(Dataset entries)
────────

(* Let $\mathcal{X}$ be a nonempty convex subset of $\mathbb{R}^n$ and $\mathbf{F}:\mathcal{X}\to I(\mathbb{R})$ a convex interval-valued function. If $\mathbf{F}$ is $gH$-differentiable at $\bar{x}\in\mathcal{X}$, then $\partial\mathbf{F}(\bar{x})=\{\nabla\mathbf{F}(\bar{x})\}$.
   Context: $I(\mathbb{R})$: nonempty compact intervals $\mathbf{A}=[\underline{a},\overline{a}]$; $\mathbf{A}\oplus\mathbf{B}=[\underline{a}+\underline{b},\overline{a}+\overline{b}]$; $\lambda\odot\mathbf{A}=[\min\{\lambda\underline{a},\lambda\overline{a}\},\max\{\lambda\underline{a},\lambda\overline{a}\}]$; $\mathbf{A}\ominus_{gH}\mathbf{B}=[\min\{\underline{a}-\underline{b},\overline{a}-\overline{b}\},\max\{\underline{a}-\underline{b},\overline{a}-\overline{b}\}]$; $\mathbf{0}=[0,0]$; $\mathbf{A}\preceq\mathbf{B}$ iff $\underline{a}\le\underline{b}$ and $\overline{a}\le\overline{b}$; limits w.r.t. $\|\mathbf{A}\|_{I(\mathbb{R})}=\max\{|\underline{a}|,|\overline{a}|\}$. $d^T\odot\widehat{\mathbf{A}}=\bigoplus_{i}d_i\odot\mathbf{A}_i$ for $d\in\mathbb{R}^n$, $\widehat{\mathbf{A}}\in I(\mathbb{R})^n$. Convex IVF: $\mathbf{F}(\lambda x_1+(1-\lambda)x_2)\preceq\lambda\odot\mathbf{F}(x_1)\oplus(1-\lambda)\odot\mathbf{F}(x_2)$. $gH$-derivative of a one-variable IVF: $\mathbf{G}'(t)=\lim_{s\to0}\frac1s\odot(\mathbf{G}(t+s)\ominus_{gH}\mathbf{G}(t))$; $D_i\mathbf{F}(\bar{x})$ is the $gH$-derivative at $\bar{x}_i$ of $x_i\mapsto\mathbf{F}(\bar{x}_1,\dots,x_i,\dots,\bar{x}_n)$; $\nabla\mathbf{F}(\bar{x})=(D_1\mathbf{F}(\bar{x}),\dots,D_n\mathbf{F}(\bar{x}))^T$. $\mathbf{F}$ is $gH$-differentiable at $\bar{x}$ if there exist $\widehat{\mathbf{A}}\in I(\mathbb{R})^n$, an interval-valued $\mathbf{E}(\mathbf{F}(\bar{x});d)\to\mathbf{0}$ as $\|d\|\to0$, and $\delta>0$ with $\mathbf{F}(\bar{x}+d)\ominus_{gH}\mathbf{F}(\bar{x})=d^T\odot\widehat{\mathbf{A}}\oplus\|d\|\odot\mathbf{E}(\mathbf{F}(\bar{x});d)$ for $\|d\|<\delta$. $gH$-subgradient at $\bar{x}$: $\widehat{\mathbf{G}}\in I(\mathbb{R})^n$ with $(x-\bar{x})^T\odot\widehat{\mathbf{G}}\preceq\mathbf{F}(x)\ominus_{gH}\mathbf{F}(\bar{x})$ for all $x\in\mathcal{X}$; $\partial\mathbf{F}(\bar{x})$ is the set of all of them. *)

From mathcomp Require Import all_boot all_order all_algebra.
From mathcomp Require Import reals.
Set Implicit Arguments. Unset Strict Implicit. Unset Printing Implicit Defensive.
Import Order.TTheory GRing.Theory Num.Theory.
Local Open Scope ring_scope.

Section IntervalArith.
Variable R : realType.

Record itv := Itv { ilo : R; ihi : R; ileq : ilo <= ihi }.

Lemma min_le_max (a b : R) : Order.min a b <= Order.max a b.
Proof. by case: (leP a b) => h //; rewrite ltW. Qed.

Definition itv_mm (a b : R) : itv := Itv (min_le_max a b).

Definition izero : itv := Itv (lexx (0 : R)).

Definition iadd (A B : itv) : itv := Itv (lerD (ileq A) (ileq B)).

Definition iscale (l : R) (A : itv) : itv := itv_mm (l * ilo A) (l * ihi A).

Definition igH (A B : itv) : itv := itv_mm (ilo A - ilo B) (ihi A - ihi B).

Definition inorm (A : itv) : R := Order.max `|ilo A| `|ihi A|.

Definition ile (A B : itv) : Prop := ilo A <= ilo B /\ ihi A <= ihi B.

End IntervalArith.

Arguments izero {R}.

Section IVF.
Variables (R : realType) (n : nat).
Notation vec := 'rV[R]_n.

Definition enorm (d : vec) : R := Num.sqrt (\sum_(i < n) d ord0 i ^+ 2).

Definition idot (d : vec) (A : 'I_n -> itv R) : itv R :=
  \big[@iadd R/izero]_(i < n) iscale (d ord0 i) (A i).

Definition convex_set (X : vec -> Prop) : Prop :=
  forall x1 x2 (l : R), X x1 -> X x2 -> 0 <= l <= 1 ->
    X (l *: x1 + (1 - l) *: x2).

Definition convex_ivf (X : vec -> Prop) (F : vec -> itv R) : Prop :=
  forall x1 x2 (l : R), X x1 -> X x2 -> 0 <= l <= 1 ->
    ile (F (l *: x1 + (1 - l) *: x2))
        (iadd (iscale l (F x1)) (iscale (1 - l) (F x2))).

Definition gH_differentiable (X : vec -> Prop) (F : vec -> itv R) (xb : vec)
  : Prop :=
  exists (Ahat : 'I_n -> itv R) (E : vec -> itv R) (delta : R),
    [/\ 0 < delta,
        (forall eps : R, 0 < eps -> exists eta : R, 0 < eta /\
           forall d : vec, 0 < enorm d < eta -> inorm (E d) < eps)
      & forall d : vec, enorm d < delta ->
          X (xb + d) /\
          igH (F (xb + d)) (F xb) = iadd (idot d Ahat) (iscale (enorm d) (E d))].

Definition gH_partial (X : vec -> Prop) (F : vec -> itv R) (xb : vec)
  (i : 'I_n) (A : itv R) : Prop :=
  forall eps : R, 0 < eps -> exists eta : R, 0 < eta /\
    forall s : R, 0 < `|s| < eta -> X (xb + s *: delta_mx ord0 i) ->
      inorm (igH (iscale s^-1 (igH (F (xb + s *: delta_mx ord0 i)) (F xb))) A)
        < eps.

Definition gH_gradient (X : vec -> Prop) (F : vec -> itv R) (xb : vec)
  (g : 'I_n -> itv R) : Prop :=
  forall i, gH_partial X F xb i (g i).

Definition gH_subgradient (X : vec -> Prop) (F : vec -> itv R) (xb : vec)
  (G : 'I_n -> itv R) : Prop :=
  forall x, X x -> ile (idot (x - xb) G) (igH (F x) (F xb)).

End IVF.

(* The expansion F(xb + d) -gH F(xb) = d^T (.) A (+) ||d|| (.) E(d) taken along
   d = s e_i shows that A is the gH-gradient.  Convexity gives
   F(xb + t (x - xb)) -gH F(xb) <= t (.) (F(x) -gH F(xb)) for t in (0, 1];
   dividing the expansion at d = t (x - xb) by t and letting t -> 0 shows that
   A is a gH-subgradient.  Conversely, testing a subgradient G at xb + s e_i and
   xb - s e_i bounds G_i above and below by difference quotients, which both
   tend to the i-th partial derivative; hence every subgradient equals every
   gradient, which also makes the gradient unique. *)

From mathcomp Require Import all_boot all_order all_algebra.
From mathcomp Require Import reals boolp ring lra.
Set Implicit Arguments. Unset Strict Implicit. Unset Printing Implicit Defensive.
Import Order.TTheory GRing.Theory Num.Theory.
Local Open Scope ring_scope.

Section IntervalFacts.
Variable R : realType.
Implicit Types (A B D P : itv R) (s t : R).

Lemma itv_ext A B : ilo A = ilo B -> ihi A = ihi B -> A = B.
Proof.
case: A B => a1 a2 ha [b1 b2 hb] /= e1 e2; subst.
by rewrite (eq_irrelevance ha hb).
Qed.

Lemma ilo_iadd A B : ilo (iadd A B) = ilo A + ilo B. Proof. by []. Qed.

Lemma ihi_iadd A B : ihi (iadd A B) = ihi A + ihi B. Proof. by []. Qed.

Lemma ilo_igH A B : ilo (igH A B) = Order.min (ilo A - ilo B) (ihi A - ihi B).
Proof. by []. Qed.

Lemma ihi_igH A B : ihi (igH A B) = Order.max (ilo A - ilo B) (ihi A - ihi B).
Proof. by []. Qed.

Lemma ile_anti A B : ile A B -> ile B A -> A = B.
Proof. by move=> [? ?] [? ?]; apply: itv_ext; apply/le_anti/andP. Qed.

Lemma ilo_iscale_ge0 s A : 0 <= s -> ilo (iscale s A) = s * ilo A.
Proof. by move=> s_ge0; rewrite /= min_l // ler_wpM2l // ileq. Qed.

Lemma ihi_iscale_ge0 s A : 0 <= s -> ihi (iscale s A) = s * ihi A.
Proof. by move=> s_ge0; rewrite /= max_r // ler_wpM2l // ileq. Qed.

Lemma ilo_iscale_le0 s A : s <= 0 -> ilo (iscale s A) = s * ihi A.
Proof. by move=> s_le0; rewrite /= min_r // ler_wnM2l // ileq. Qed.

────────

Send back an exact copy of only the lines from the line with "Definition iscale (l" up to and including the line with "ord0 i) (A i)." in the data above.

Definition iscale (l : R) (A : itv) : itv := itv_mm (l * ilo A) (l * ihi A).

Definition igH (A B : itv) : itv := itv_mm (ilo A - ilo B) (ihi A - ihi B).

Definition inorm (A : itv) : R := Order.max `|ilo A| `|ihi A|.

Definition ile (A B : itv) : Prop := ilo A <= ilo B /\ ihi A <= ihi B.

End IntervalArith.

Arguments izero {R}.

Section IVF.
Variables (R : realType) (n : nat).
Notation vec := 'rV[R]_n.

Definition enorm (d : vec) : R := Num.sqrt (\sum_(i < n) d ord0 i ^+ 2).

Definition idot (d : vec) (A : 'I_n -> itv R) : itv R :=
  \big[@iadd R/izero]_(i < n) iscale (d ord0 i) (A i).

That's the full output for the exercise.